Отец Иезекиль покраснел от удовольствия, пытался было возразить, но его к честному люду причислили, вот и промолчал, а потом случилась самая долгожданная за последнее время вещь. То, чего он хотел больше всего: в этот миг открылись, скрипя петлями, захватанные кухонные двери и оттуда на пустой стол понесли еду: пироги, мясо, рыбу, овощи какие-то, каравай хлеба, корчагу пива, бутыль с вином и еще что-то, тащили и ставили на добела выскобленную столешницу. У святого отца подкосились ноги, и он плюхнулся на стоящую скамью, ряса вздулась вокруг него, как пузырь, и опала, словно тоже в ожидании пищи. Закрытие «Приюта» было отложено, оставшиеся непогашенными лампы, чадя, освещали своим неверным светом то, что попадало в их круг. Монах засучил рукава и сел за стол.
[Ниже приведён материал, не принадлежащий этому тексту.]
(* A pure qubit state $\rho_\psi=|\psi\rangle\langle\psi|$, $|\psi\rangle\in\mathbb{C}^2$, is coherence-distillable (i.e. $C_d(\rho_\psi)>0$) if and only if $F_c(\rho_\psi)>\frac12$.
   Context: Coherence is taken with respect to the computational basis $\{|0\rangle,|1\rangle\}$; incoherent states are those diagonal in this basis, and incoherent operations are quantum channels admitting Kraus operators $K_i$ each mapping incoherent states to (multiples of) incoherent states. The set of maximally coherent qubit states is $\mathcal{M}=\{\frac{1}{\sqrt2}(e^{\mathfrak{i}\theta_0}|0\rangle+e^{\mathfrak{i}\theta_1}|1\rangle):\theta_0,\theta_1\in[0,2\pi]\}$, and the coherence fraction is $F_c(\rho)=\max_{|\phi\rangle\in\mathcal{M}}\langle\phi|\rho|\phi\rangle$. The distillable coherence $C_d(\rho)$ is the supremum of achievable rates $R=m/n$ such that, asymptotically as $n\to\infty$ and with error $\epsilon\to0$, $m$ copies of $|\phi_2\rangle=\frac{1}{\sqrt2}(|0\rangle+|1\rangle)$ can be obtained from $n$ copies of $\rho$ by incoherent operations. A state is called distillable if $C_d(\rho)>0$. *)

From HB Require Import structures.
From mathcomp Require Import all_boot all_order all_algebra.
From mathcomp Require Import all_classical all_reals all_analysis.
From mathcomp Require Import complex.
Set Implicit Arguments. Unset Strict Implicit. Unset Printing Implicit Defensive.
Import Order.TTheory GRing.Theory Num.Theory.
Local Open Scope ring_scope.
Local Open Scope classical_set_scope.
Local Open Scope complex_scope.
Import numFieldNormedType.Exports.

Section Coherence.
Variable R : realType.
Local Notation C := R[i].

Definition adj (m n : nat) (A : 'M[C]_(m, n)) : 'M[C]_(n, m) :=
  (map_mx (@Num.conj C) A)^T.

(* positive semidefinite (over C, 0 <= z means z real and nonnegative) *)
Definition psd (d : nat) (A : 'M[C]_d) : Prop :=
  forall v : 'cV[C]_d, 0 <= (adj v *m A *m v) 0 0.

Definition density (d : nat) (A : 'M[C]_d) : Prop := psd A /\ \tr A = 1.

Definition incoherent_state (d : nat) (A : 'M[C]_d) : Prop :=
  density A /\ is_diag_mx A.

Definition incoherent_kraus (d d' : nat) (K : 'M[C]_(d', d)) : Prop :=
  forall s : 'M[C]_d, incoherent_state s ->
    exists (c : C) (t : 'M[C]_d'), incoherent_state t /\ K *m s *m adj K = c *: t.

Definition incoherent_operation (d d' : nat) (ks : seq 'M[C]_(d', d)) : Prop :=
  \sum_(K <- ks) adj K *m K = 1%:M /\ (forall K, K \in ks -> incoherent_kraus K).

Definition apply_kraus (d d' : nat) (ks : seq 'M[C]_(d', d)) (A : 'M[C]_d)
  : 'M[C]_d' := \sum_(K <- ks) K *m A *m adj K.

Definition qbit (n : nat) (k : nat) (i : 'I_(2 ^ n)) : 'I_2 :=
  inord (odd (i %/ 2 ^ k)).

Definition tens_pow (n : nat) (A : 'M[C]_2) : 'M[C]_(2 ^ n) :=
  \matrix_(i, j) \prod_(k < n) A (qbit k i) (qbit k j).

Definition phi2 : 'cV[C]_2 := \col_(i < 2) ((Num.sqrt (2 : R))^-1)%:C.
Definition phi2_proj : 'M[C]_2 := phi2 *m adj phi2.

Definition expi (t : R) : C := Complex (cos t) (sin t).
Definition max_coh (t0 t1 : R) : 'cV[C]_2 :=
  \col_(i < 2) (((Num.sqrt (2 : R))^-1)%:C * expi (if i == 0 then t0 else t1)).

Definition coherence_fraction (rho : 'M[C]_2) : R :=
  sup [set x : R | exists t0 t1 : R,
      t0 \in `[0, 2 * pi]%R /\ t1 \in `[0, 2 * pi]%R /\
      x = complex.Re ((adj (max_coh t0 t1) *m rho *m max_coh t0 t1) 0 0)].

Definition achievable_rate (rho : 'M[C]_2) (r : R) : Prop :=
  exists (m : nat -> nat) (L : forall n : nat, seq 'M[C]_(2 ^ m n, 2 ^ n)),
    (forall n, incoherent_operation (L n)) /\
    ((fun n : nat => (m n)%:R / n%:R : R) @ \oo --> r) /\
    ((fun n : nat => 1 - complex.Re
        (\tr (tens_pow (m n) phi2_proj *m apply_kraus (L n) (tens_pow n rho))))
       @ \oo --> (0 : R)).

Definition distillable_coherence (rho : 'M[C]_2) : \bar R :=
  ereal_sup [set (r%:E)%E | r in achievable_rate rho].

Definition distillable (rho : 'M[C]_2) : Prop :=
  (0 < distillable_coherence rho)%E.

End Coherence.

(* If one amplitude of psi vanishes, every tensor power of |psi><psi| is diagonal;
   incoherent operations keep it diagonal, and a diagonal state of trace one has
   fidelity exactly 2^-m with |phi_2>^{(x) m}, so fidelity tending to 1 forces m = 0
   eventually and every achievable rate is 0.  The overlap of psi = (a, b) with the
   maximally coherent state of phases (t0, t1) is 1/2 + Re(e^{i(t1 - t0)} a conj(b)),
   which is 1/2 when ab = 0 and exceeds 1/2 for one of the phase pairs built from
   0, pi/2, pi otherwise.

   For ab <> 0, the amplitude of psi^{(x) n} on a basis string only depends on its
   Hamming weight.  Cutting each weight class into chunks of 2^m strings and sending
   each chunk onto the m-qubit basis is an incoherent operation that maps every full
   chunk to a multiple of |phi_2>^{(x) m}; its infidelity is at most the weight of the
   strings outside full chunks.  There are at most (n + 1) 2^m of them, each of weight
   at most p^n with p = max(|a|^2, |b|^2) < 1, so with m = n / k and p^k <= 1/8 the
   infidelity is O(k^2 / n) and 1/k is an achievable rate. *)

From HB Require Import structures.
From mathcomp Require Import all_boot all_order all_algebra.
From mathcomp Require Import all_classical all_reals all_analysis.
From mathcomp Require Import complex.
From mathcomp Require Import ring lra zify.
Set Implicit Arguments. Unset Strict Implicit. Unset Printing Implicit Defensive.
Import Order.TTheory GRing.Theory Num.Theory.
Import numFieldNormedType.Exports.
Local Open Scope ring_scope.
Local Open Scope classical_set_scope.

Lemma eq_from_bits n i j : (i < 2 ^ n)%N -> (j < 2 ^ n)%N ->
  (forall k, (k < n)%N -> odd (i %/ 2 ^ k) = odd (j %/ 2 ^ k)) -> i = j.
Proof.
elim: n i j => [|n IH] i j.
  by rewrite expn0 !ltnS !leqn0 => /eqP -> /eqP ->.
move=> lt_i lt_j eq_bits.
have eq_odd : odd i = odd j by have := eq_bits 0%N isT; rewrite expn0 !divn1.
have eq_half : (i %/ 2 = j %/ 2)%N.
  apply: IH; rewrite ?ltn_divLR -?expnSr // => k lt_k.
  by rewrite -!divnMA -expnS; apply: eq_bits.
by rewrite -(ssrnat.odd_double_half i) -(ssrnat.odd_double_half j) eq_odd -!divn2 eq_half.
Qed.

Lemma sum_prod_bits (T : comPzSemiRingType) n (f : nat -> bool -> T) :
  \sum_(i < 2 ^ n) \prod_(k < n) f k (odd (i %/ 2 ^ k)) =
  \prod_(k < n) (f k false + f k true).
Proof.
elim: n => [|n IH]; first by rewrite expn0 big_ord1 !big_ord0.
have -> : (2 ^ n.+1 = 2 ^ n + 2 ^ n)%N by rewrite expnS mul2n addnn.
rewrite big_split_ord /= big_ord_recr /= mulrDr -IH !big_distrl /=.
congr (_ + _); apply: eq_bigr => i _; rewrite big_ord_recr /=.
  by rewrite [(i %/ 2 ^ n)%N]divn_small.
congr (_ * _); last by rewrite divnDl ?dvdnn // divnn expn_gt0 divn_small.
apply: eq_bigr => k _.
rewrite divnDl ?dvdn_exp2l 1?ltnW // -expnB ?(ltnW (ltn_ord k)) //.
by rewrite ssrnat.oddD oddX subn_eq0 leqNgt ltn_ord.
Qed.

Lemma sum_ord2 (V : nmodType) (F : 'I_2 -> V) : \sum_(b < 2) F b = F 0 + F 1.
Proof. by rewrite big_ord_recl big_ord1; congr (_ + F _); apply: val_inj. Qed.

Lemma ord2_eq_of_neq (b x y : 'I_2) : x != b -> y != b -> x = y.
Proof.
by case: b => [[|[|b]] ?]; case: x => [[|[|x]] ?]; case: y => [[|[|y]] ?] //= _ _;
  apply: val_inj.
Qed.

Lemma ord2_cases (b : 'I_2) : b = 0 \/ b = 1.
Proof. by case: b => [[|[|]]] // ?; [left|right]; apply: val_inj. Qed.

Lemma expn2_gt0 k : (0 < 2 ^ k)%N.
Proof. by rewrite expn_gt0. Qed.

Lemma expn_poly_le_geom n k : (0 < k)%N ->
  (n.+1 * 2 ^ (n %/ k) * n.+1 <= 2 * (k * k) * 8 ^ (n %/ k))%N.
Proof.
move=> k_gt0; set q := (n %/ k)%N.
have n_lt : (n.+1 <= k * q.+1)%N by rewrite {1}(divn_eq n k) mulnS addnC; have := ltn_pmod n k_gt0; lia.
have q_lt : (q.+1 <= 2 ^ q)%N by apply: ltn_expl.
have -> : (8 ^ q = 2 ^ q * 2 ^ q * 2 ^ q)%N by rewrite -!expnMn.
apply: (@leq_trans ((k * q.+1) * (k * q.+1) * 2 ^ q)).
  by rewrite mulnAC leq_mul2r leq_mul ?orbT.
rewrite mulnACA; apply: (@leq_trans (k * k * (2 ^ q * 2 ^ q) * 2 ^ q)).
  by rewrite leq_mul2r leq_mul2l leq_mul ?orbT.
by rewrite -!mulnA leq_pmull.
Qed.

Lemma sum_eq_natr_mul (V : pzSemiRingType) (T : finType) (x : T) (F : T -> V) :
  \sum_y (y == x)%:R * F y = F x.
Proof.
by rewrite (bigD1 x) //= eqxx mul1r big1 ?addr0 // => y /negbTE ->; rewrite mul0r.
Qed.

Section Qubits.
Variable R : realType.
Local Notation C := R[i].

Lemma adjE m n (A : 'M[C]_(m, n)) i j : adj A i j = (A j i)^*.
Proof. by rewrite !mxE. Qed.

Lemma adjM m n p (A : 'M[C]_(m, n)) (B : 'M[C]_(n, p)) : adj (A *m B) = adj B *m adj A.
Proof. by rewrite /adj map_mxM trmx_mul. Qed.

Lemma adjK m n (A : 'M[C]_(m, n)) : adj (adj A) = A.
Proof. by apply/matrixP => i j; rewrite !adjE conjCK. Qed.

Lemma sum_prod_qbit n (f : nat -> 'I_2 -> C) :
  \sum_(i < 2 ^ n) \prod_(k < n) f k (qbit k i) = \prod_(k < n) \sum_(b < 2) f k b.
Proof.
rewrite (sum_prod_bits n (fun k b => f k (inord b))).
apply: eq_bigr => k _; rewrite big_ord_recr big_ord1 /=.
by congr (f k _ + f k _); apply: val_inj; rewrite /= inordK.
Qed.

Lemma qbit_inj n (i j : 'I_(2 ^ n)) : (forall k : 'I_n, qbit k i = qbit k j) -> i = j.
Proof.
move=> eq_qbit; apply/val_inj/(eq_from_bits (ltn_ord i) (ltn_ord j)) => k lt_k.
move/(congr1 val): (eq_qbit (Ordinal lt_k)); rewrite /= !inordK ?ltnS ?leq_b1 //.
by case: odd; case: odd.
Qed.

Definition tens_vec n (psi : 'cV[C]_2) : 'cV[C]_(2 ^ n) :=
  \col_i \prod_(k < n) psi (qbit k i) 0.

Lemma tens_pow_outer n (psi : 'cV[C]_2) :
  tens_pow n (psi *m adj psi) = tens_vec n psi *m adj (tens_vec n psi).
Proof.
apply/matrixP => i j; rewrite !mxE big_ord1 adjE !mxE rmorph_prod -big_split.
by apply: eq_bigr => k _; rewrite mxE big_ord1 adjE.
Qed.

Lemma adj_mul_col d (u : 'cV[C]_d) : adj u *m u = (\sum_i u i 0 * (u i 0)^*)%:M.
Proof.
apply/matrixP => a b; rewrite !ord1 !mxE /= mulr1n.
by apply: eq_bigr => i _; rewrite adjE mulrC.
Qed.

Lemma sum_mul_conj_unit d (u : 'cV[C]_d) :
  adj u *m u = 1%:M -> \sum_i u i 0 * (u i 0)^* = 1.
Proof. by rewrite adj_mul_col => /matrixP/(_ 0 0); rewrite !mxE /= !mulr1n. Qed.

Lemma tens_vec_unit n (psi : 'cV[C]_2) :
  adj psi *m psi = 1%:M -> adj (tens_vec n psi) *m tens_vec n psi = 1%:M.
Proof.
move=> /sum_mul_conj_unit psi_unit; rewrite adj_mul_col; congr scalar_mx.
under eq_bigr do rewrite mxE rmorph_prod -big_split /=.
by rewrite (sum_prod_qbit n (fun _ b => psi b 0 * (psi b 0)^*)) big1 // => k _; rewrite psi_unit.
Qed.

Lemma quad_form_outer d (u v : 'cV[C]_d) :
  (adj v *m (u *m adj u) *m v) 0 0 = (adj v *m u) 0 0 * ((adj v *m u) 0 0)^*.
Proof.
rewrite mulmxA -mulmxA mxE big_ord1.
have -> : adj u *m v = adj (adj v *m u) by rewrite adjM adjK.
by rewrite adjE.
Qed.

Lemma psd_outer d (u : 'cV[C]_d) : psd (u *m adj u).
Proof. by move=> v; rewrite quad_form_outer mul_conjC_ge0. Qed.

Lemma density_outer d (u : 'cV[C]_d) : adj u *m u = 1%:M -> density (u *m adj u).
Proof.
by move=> u_unit; split; [exact: psd_outer | rewrite mxtrace_mulC u_unit mxtrace1].
Qed.

Lemma density_tens_pow n (psi : 'cV[C]_2) :
  adj psi *m psi = 1%:M -> density (tens_pow n (psi *m adj psi)).
Proof. by move=> psi_unit; rewrite tens_pow_outer; apply/density_outer/tens_vec_unit. Qed.

Lemma inv_sqrt2_mul_conj :
  ((Num.sqrt (2 : R))^-1)%:C%C * (((Num.sqrt (2 : R))^-1)%:C%C)^* = 2^-1 :> C.
Proof.
rewrite conj_Creal ?complex_real // -rmorphM /= -expr2 exprVn sqr_sqrtr ?ler0n //.
by rewrite fmorphV /= rmorph_nat.
Qed.

Lemma expr_inv2C k : (2^-1 : C) ^+ k = ((2^-1 : R) ^+ k)%:C%C.
Proof. by rewrite rmorphXn /= fmorphV /= rmorph_nat. Qed.

Lemma tens_pow_phi2_entry m i j : tens_pow m (phi2_proj R) i j = 2^-1 ^+ m.
Proof.
rewrite mxE (eq_bigr (fun=> 2^-1)) ?prodr_const ?card_ord // => k _.
by rewrite mxE big_ord1 adjE !mxE inv_sqrt2_mul_conj.
Qed.

Lemma tr_tens_phi2_mul m (X : 'M[C]_(2 ^ m)) :
  \tr (tens_pow m (phi2_proj R) *m X) = 2^-1 ^+ m * \sum_i \sum_j X i j.
Proof.
rewrite exchange_big mulr_sumr; apply: eq_bigr => i _.
by rewrite mxE mulr_sumr; apply: eq_bigr => j _; rewrite tens_pow_phi2_entry.
Qed.

End Qubits.

Section IncoherentOperations.
Variable R : realType.
Local Notation C := R[i].

Lemma psd_diag d (D : 'M[C]_d) : is_diag_mx D -> (forall i, 0 <= D i i) -> psd D.
Proof.
move=> /is_diag_mxP D_diag D_ge0 v; rewrite mxE; apply: sumr_ge0 => j _.
rewrite mxE (bigD1 j) //= big1 ?addr0 => [|i ij]; last by rewrite D_diag ?mulr0.
by rewrite adjE mulrAC mulr_ge0 // mulrC mul_conjC_ge0.
Qed.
Он ел-ел-ел-ел. Казалось, что никогда не насытится. Еще только едва пережевал только что откушенный кусок того самого кабанчика, уже берет рыбу, толкает в глотку ломоть хлеба, да макает его в густую подливу, что в толстостенной глиняной чашке, жует, чавкает, смачно прихлебывает все напитки, которые подливает сразу сделавшаяся участливой подавальщица. И вот уже знает монах, что ее Мария зовут, дочь Толяна, что из свободнокровых они с отцом. А она сидит и слушает монаха, подперев ручкой пухлую щечку, и светло-русый локон выбился из-под застиранного платка, и почему-то нравится он монаху. Обильная еда и питье сделали свое дело – пастырь заговорил и к ужасу своему понял, что остановиться не может. Он говорил и ел, пил и снова говорил. Разглагольствовал на все темы, что только приходили ему в голову. Пытался сконцентрироваться на тлеющем в очаге огне, да не получилось, плюнул и снова сел перекусить. Все вокруг стали милейшими людьми, он уже попел за одним столом, поспорил до хрипоты о великом предсказании за другим. Утомился преизрядно, набитое пузо радостно ворчало, переваривая все, что в него попадало. И тут увидел, что уже почти рассвело, а ноги не двигаются. Понемногу начало пустеть и в зале. Кто свалился под стол и уже давно сладко похрапывал, кто, пошатываясь, побрел прочь, укладываясь на лавках – кто на кулак, кто на снятую шапку. Отец же Иезекиль упасть и уснуть тут же не мог, так осквернить свой сан, что подумают!!! Пастырь, покачиваясь, держа в одной руке полупустой бутыль, в другой – надкушенную индюшачью ногу, решил поинтересоваться:

– Хозяюшка, а вот если человече какой устанет вот тут у вас с дороги, вы куда его деваете? – смачно икнул и рухнул локтями на стойку.

– Да вон, на сеновале, пойди и поспи, святой отец.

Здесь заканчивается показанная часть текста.